The number of people in the UK seeking gender identity treatments has increased dramatically over the years, and the waiting times to receive these treatments haave also increased.

This weekend, The Guardianpublished research on increases in the number of referrals to the UK’s 14 gender identity clinics in recent years. Some clinics have undergone increases of several hundred percent. 

At London’s Charing Cross, the oldest and largest adult clinic, the number has almost quadrupled in 10 years, from 498 in 2006-07 and 1,892 in 2015-16. At the Tavistock clinic, the only clinic for children and adolescents in England, has experienced an increase of 100 percent in the past year, up from 697 to 1,398 referrals. 

Average waiting times for first seeing a gender identity clinic are about nine months for adults, and half of that for children, but one in six adults wait more than a year, according to The Guardian. The Leeds gender identity clinic estimated that a referral from last October would take four years before their first consultation. 

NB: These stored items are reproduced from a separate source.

Definition is_grade {R : comNzRingType} {n : nat} (A : 'M[R]_n) (v : 'cV[R]_n)
  (d : nat) : Prop :=
  (exists P : {poly R}, P \is monic /\ (size P).-1 = d /\ annihilates A v P) /\
  (forall P : {poly R}, P \is monic -> annihilates A v P -> (d <= (size P).-1)%N).

Section ACI.
Variables (R : rcfType) (n : nat) (A : 'M[R]_n).
Definition aci_w (v : 'cV[R]_n) : 'cV[R]_n := normalize ((A - (rq A v)%:M) *m v).
Definition aci_step (v : 'cV[R]_n) : 'cV[R]_n :=
  let w := aci_w v in normalize ((A^T - (rq A w)%:M) *m w).
Fixpoint aci_v (v0 : 'cV[R]_n) (k : nat) : 'cV[R]_n :=
  match k with O => v0 | S k' => aci_step (aci_v v0 k') end.
Definition aci_alpha (v0 : 'cV[R]_n) (k : nat) : R := rq A (aci_v v0 k).
Definition aci_beta (v0 : 'cV[R]_n) (k : nat) : R := rq A (aci_w (aci_v v0 k)).
End ACI.

From HB Require Import structures.
From mathcomp Require Import all_boot all_order all_algebra.
From mathcomp Require Import all_classical all_reals all_analysis.
From mathcomp Require Import zify ring lra.
Import Order.TTheory GRing.Theory Num.Theory numFieldNormedType.Exports.
Local Open Scope classical_set_scope.
Local Open Scope ring_scope.

(* Write u_0 = v_0, u_1 = w_0, u_2 = v_1, ... for the interleaved ACI(1) vectors
   and g_t(b) for the squared norm of the block b of u_t.  Both A and A^T act on a
   2x2 block as c_b I plus a skew part (+-s_b J), so for every shift a the block b
   of (M - aI)x (M = A or A^T) has squared norm (1 - 2ac_b + a^2) g(b), and
   x^T A x = sum_b c_b g(b).  Hence, with a_t = u_t^T A u_t,
     g_{t+1}(b) = wfactor a_t c_b * g_t(b),   wfactor a c = (1 - 2ac + a^2)/(1 - a^2),
   the weights stay a probability vector, and alpha_k = a_{2k}, beta_k = a_{2k+1}.
   The rest is scalar: choose lam in [0,1] with lam c_l + (1 - lam) c_j = 0; the
   inequality ln wfactor a c + c ln((1+a)/(1-a)) >= (1 - c^2) a^2 / 2 (proved with
   the mean value theorem) makes the nonpositive potential
   lam ln g_t(l) + (1 - lam) ln g_t(j) increase by at least kap a_t^2 / 2, kap > 0,
   so sum_t a_t^2 < oo and a_t -> 0. *)

Definition rot_coord (p : bool) (b t : nat) : nat := (p + 2 * b.-1 + t)%N.

Section BlockLayout.
Context {p : bool} {m : nat} {q : bool}.

Lemma blk_le i : (blk p m i <= m.+1)%N.
Proof. by rewrite /blk; case: ifP => // _; case: ifP => // h; lia. Qed.

Lemma blk_end_uniq i k : (i < dimA p m q)%N -> (k < dimA p m q)%N ->
  blk p m i = blk p m k -> (blk p m i == 0)%N || (blk p m i == m.+1) -> i = k.
Proof.
rewrite /dimA /blk; case: p => /=; last first.
  by case: ifP => h1; case: ifP => h2 //; case: q => /=; lia.
case: eqP => [->|hi]; case: eqP => [->|hk] //=; try by case: ifP.
by case: ifP => h1; case: ifP => h2 //; case: q => /=; lia.
Qed.

Lemma rot_coordE {i b : nat} :
  (1 <= b <= m)%N -> blk p m i = b -> i = rot_coord p b (pos2 p i).
Proof.
rewrite /blk /pos2 /rot_coord; case: p => /=.
- by case: eqP => [->|hi] /=; [lia | case: ifP => h; lia].
- by case: ifP => h; lia.
Qed.

Lemma rot_coord_spec b t : (1 <= b <= m)%N -> (t < 2)%N ->
  [/\ (rot_coord p b t < dimA p m q)%N, blk p m (rot_coord p b t) = b
    & pos2 p (rot_coord p b t) = t].
Proof.
rewrite /dimA /blk /pos2 /rot_coord => hb ht; split.
- by case: p; case: q => /=; lia.
- by case: p => /=; rewrite ifT; lia.
- by case: p => /=; lia.
Qed.

Lemma pos2_lt i : (pos2 p i < 2)%N.
Proof. by rewrite /pos2 ltn_mod. Qed.

Lemma blk_mid {b : nat} :
  (b < m.+2)%N -> ~~ ((b == 0)%N || (b == m.+1)) -> (1 <= b <= m)%N.
Proof. by move=> h1 h2; apply/andP; split; lia. Qed.

End BlockLayout.

Lemma cext_end {R : nzRingType} {m : nat} (c : nat -> R) {b : nat} :
  (b == 0)%N || (b == m.+1) -> cext m c b ^+ 2 = 1.
Proof. by rewrite /cext; case/orP => /eqP ->; rewrite ?eqxx //= ?sqrrN expr1n. Qed.

Lemma cext_mid {R : nzRingType} {m : nat} (c : nat -> R) {b : nat} :
  (1 <= b <= m)%N -> cext m c b = c b.
Proof.
by rewrite /cext; case: eqP => [->//|_]; case: eqP => [->|//]; rewrite ltnn andbF.
Qed.

(* One step of the iteration with shift a multiplies the squared norm of a block
   with cosine c by wfactor a c (once the new vector is normalized). *)
Definition wfactor {R : fieldType} (a c : R) : R :=
  (1 - 2 * a * c + a ^+ 2) / (1 - a ^+ 2).

(* Both are block diagonal with the same blocks
   [-1], [1] at the ends; the 2x2 blocks are c_b I + sg s_b J with J the
   rotation by -pi/2, where sg = 1 for A and sg = -1 for A^T.  All the facts the
   iteration needs hold for any matrix of this shape with sg^2 = 1. *)
Section BlockMatrices.
Context {R : realType} {p : bool} {m : nat} {q : bool} {c s : nat -> R}.
Local Notation n := (dimA p m q).
Local Notation blk := (blk p m).

Definition is_blockmx (M : 'M[R]_n) (sg : R) : Prop :=
 [/\ forall i k : 'I_n, blk i != blk k -> M i k = 0,
     forall i : 'I_n, (blk i == 0)%N || (blk i == m.+1) -> M i i = cext m c (blk i) &
     forall i k : 'I_n, blk i = blk k -> (1 <= blk i <= m)%N ->
        M i k = if pos2 p i == pos2 p k then c (blk i)
                else if pos2 p i == 0%N then sg * s (blk i) else - (sg * s (blk i))].

Lemma blockmx_A : is_blockmx (Amat p m q c s) 1.
Proof.
split=> [i k | i | i k hik /andP[hb1 hb2]]; rewrite mxE.
- by move=> ->.
- by rewrite eqxx /= /cext; case/orP => /eqP ->; rewrite ?eqxx //=; case: ifP.
- rewrite hik eqxx /= -hik ifF; last by apply/eqP => E; rewrite E in hb1.
  by rewrite ifF ?mul1r //; apply/eqP => E; rewrite E ltnn in hb2.
Qed.

Lemma blockmx_AT : is_blockmx (Amat p m q c s)^T (-1).
Proof.
have [H0 H1 H2] := blockmx_A.
split=> [i k hik | i hi | i k hik hb]; rewrite mxE.
- by rewrite H0 // eq_sym.
- exact: H1.
- rewrite H2 ?hik //; last by rewrite -hik.
  rewrite [pos2 p k == _]eq_sym -hik.
  have := pos2_lt (p:=p) i; have := pos2_lt (p:=p) k.
  by case: (pos2 p i) => [|[|//]]; case: (pos2 p k) => [|[|//]] //= _ _;
    rewrite ?mul1r ?mulN1r ?opprK.
Qed.

Definition bnorm2 (b : nat) (x : 'cV[R]_n) : R :=
  \sum_(i < n | blk i == b) x i 0 ^+ 2.

Lemma bnorm2_ge0 b (x : 'cV[R]_n) : 0 <= bnorm2 b x.
Proof. by apply: sumr_ge0 => i _; apply: sqr_ge0. Qed.

Lemma bnorm2_scale b (k : R) (x : 'cV[R]_n) : bnorm2 b (k *: x) = k ^+ 2 * bnorm2 b x.
Proof. by rewrite /bnorm2 mulr_sumr; apply: eq_bigr => i _; rewrite mxE exprMn. Qed.

Lemma sum_blocks (F : 'I_n -> R) :
  \sum_(i < n) F i = \sum_(b < m.+2) \sum_(i < n | blk i == b) F i.
Proof.
rewrite (partition_big (fun i : 'I_n => (inord (blk i) : 'I_m.+2)) xpredT) //=.
apply: eq_bigr => b _; apply: eq_bigl => i.
by rewrite -val_eqE /= inordK // ltnS blk_le.
Qed.

Lemma vnorm2_blocks (x : 'cV[R]_n) : vnorm x ^+ 2 = \sum_(b < m.+2) bnorm2 b x.
Proof.
by rewrite /vnorm sqr_sqrtr -?sum_blocks // sumr_ge0 // => i _; apply: sqr_ge0.
Qed.

Lemma rot_ords {b : nat} : (1 <= b <= m)%N -> exists i0 i1 : 'I_n,
  val i0 = rot_coord p b 0 /\ val i1 = rot_coord p b 1.
Proof.
move=> hb; have [h0 _ _] := rot_coord_spec (p:=p) (q:=q) b 0 hb isT.
have [h1 _ _] := rot_coord_spec (p:=p) (q:=q) b 1 hb isT.
by exists (Ordinal h0), (Ordinal h1).
Qed.

Section Action.
Context {M : 'M[R]_n} {sg : R}.
Hypothesis HM : is_blockmx M sg.

Lemma mulmx_blockE (x : 'cV[R]_n) (i : 'I_n) :
  (M *m x) i 0 = \sum_(k < n | blk k == blk i) M i k * x k 0.
Proof.
case: HM => H0 _ _; rewrite mxE (bigID (fun k : 'I_n => blk k == blk i)) /=.
by rewrite [X in _ + X]big1 ?addr0 // => k hk; rewrite H0 ?mul0r // eq_sym.
Qed.

Lemma mulmx_end_block (x : 'cV[R]_n) (i : 'I_n) :
  (blk i == 0)%N || (blk i == m.+1) -> (M *m x) i 0 = cext m c (blk i) * x i 0.
Proof.
case: (HM) => _ H1 _ hi; rewrite mulmx_blockE (big_pred1 i) ?H1 // => k /=.
apply/eqP/eqP => [E|->] //; apply/val_inj => /=.
by apply: blk_end_uniq => //; rewrite E.
Qed.

Section RotBlock.
Context {b : nat} {i0 i1 : 'I_n}.
Hypotheses (hb : (1 <= b <= m)%N)
  (e0 : val i0 = rot_coord p b 0) (e1 : val i1 = rot_coord p b 1).

Lemma sum_rot_block (F : 'I_n -> R) : \sum_(k < n | blk k == b) F k = F i0 + F i1.
Proof.
have [_ b0 _] := rot_coord_spec (p:=p) (q:=q) b 0 hb isT.
have [_ b1 _] := rot_coord_spec (p:=p) (q:=q) b 1 hb isT.
rewrite (bigD1 i0) /=; last by rewrite e0 b0.
rewrite (bigD1 i1) /=; last by rewrite e1 b1 eqxx /= -val_eqE /= e0 e1 eqn_add2l.
rewrite big1 ?addr0 // => k /andP[/andP[/eqP hk hk0] hk1].
have E := rot_coordE hb hk; have := pos2_lt (p:=p) k.
case: (pos2 p k) E => [|[|//]] E _.
- by move: hk0; rewrite -val_eqE /= e0 E eqxx.
- by move: hk1; rewrite -val_eqE /= e1 E eqxx.
Qed.

Lemma mulmx_rot_block (x : 'cV[R]_n) :
  [/\ blk i0 = b, blk i1 = b,
    (M *m x) i0 0 = c b * x i0 0 + sg * s b * x i1 0 &
    (M *m x) i1 0 = - (sg * s b) * x i0 0 + c b * x i1 0].
Proof.
have [_ b0 p0] := rot_coord_spec (p:=p) (q:=q) b 0 hb isT.
have [_ b1 p1] := rot_coord_spec (p:=p) (q:=q) b 1 hb isT.
case: (HM) => _ _ H2.
have bi0 : blk i0 = b by rewrite e0 b0.
have bi1 : blk i1 = b by rewrite e1 b1.
have pi0 : pos2 p i0 = 0%N by rewrite e0 p0.
have pi1 : pos2 p i1 = 1%N by rewrite e1 p1.
split=> //; rewrite mulmx_blockE ?bi0 ?bi1 sum_rot_block.
- by rewrite (H2 i0 i0) ?bi0 // (H2 i0 i1) ?bi0 ?bi1 // pi0 pi1.
- by rewrite (H2 i1 i0) ?bi0 ?bi1 // (H2 i1 i1) ?bi1 // pi0 pi1 /= mulNr.
Qed.

End RotBlock.

(* x^(b) . (M x)^(b) = c_b |x^(b)|^2, the rotation part of a block being skew. *)
Lemma block_form (x : 'cV[R]_n) b : (b < m.+2)%N ->
  \sum_(i < n | blk i == b) x i 0 * (M *m x) i 0 = cext m c b * bnorm2 b x.
Proof.
move=> hb; rewrite /bnorm2 mulr_sumr.
have [hb1|hb1] := boolP ((b == 0)%N || (b == m.+1)).
  by apply: eq_bigr => i /eqP hi; rewrite mulmx_end_block ?hi // mulrCA expr2.
have hb2 := blk_mid hb hb1; have [i0 [i1 [e0 e1]]] := rot_ords hb2.
have [_ _ r0 r1] := mulmx_rot_block hb2 e0 e1 x.
by rewrite !(sum_rot_block hb2 e0 e1) r0 r1 cext_mid //; ring.
Qed.

Lemma rq_blocks (x : 'cV[R]_n) : rq M x = \sum_(b < m.+2) cext m c b * bnorm2 b x.
Proof.
rewrite /rq -mulmxA mxE; under eq_bigr do rewrite mxE.
by rewrite sum_blocks; apply: eq_bigr => b _; apply: block_form.
Qed.

Hypothesis sg2 : sg ^+ 2 = 1.
Hypothesis Hcs : forall b, (1 <= b <= m)%N -> c b ^+ 2 + s b ^+ 2 = 1.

Louie Stafford, the trans program coordinator for the LGBT Foundation in Manchester, told The Guardian that such long waiting times are dangerous for trans people seeking gender identity treatment. 

“You’re referred from your GP, there is no contact with any specialists or clinicians until your first appointment at the gender identity clinic. People are completely on their own, sometimes for up to three years, dealing with issues around gender that are potentially life-threatening … It’s not surprising that people get desperate in that timeframe.”

Experts agree that the solution to reducing waiting times would be additional funding for gender identity treatments, and to also find appropriately trained specialists to work at gender identity clinics. 

Stafford told The Guardian, “You can throw all the money you want at a service, but unless you have people who are trained and skilled to work in those areas, you’re not going to improve capacity.”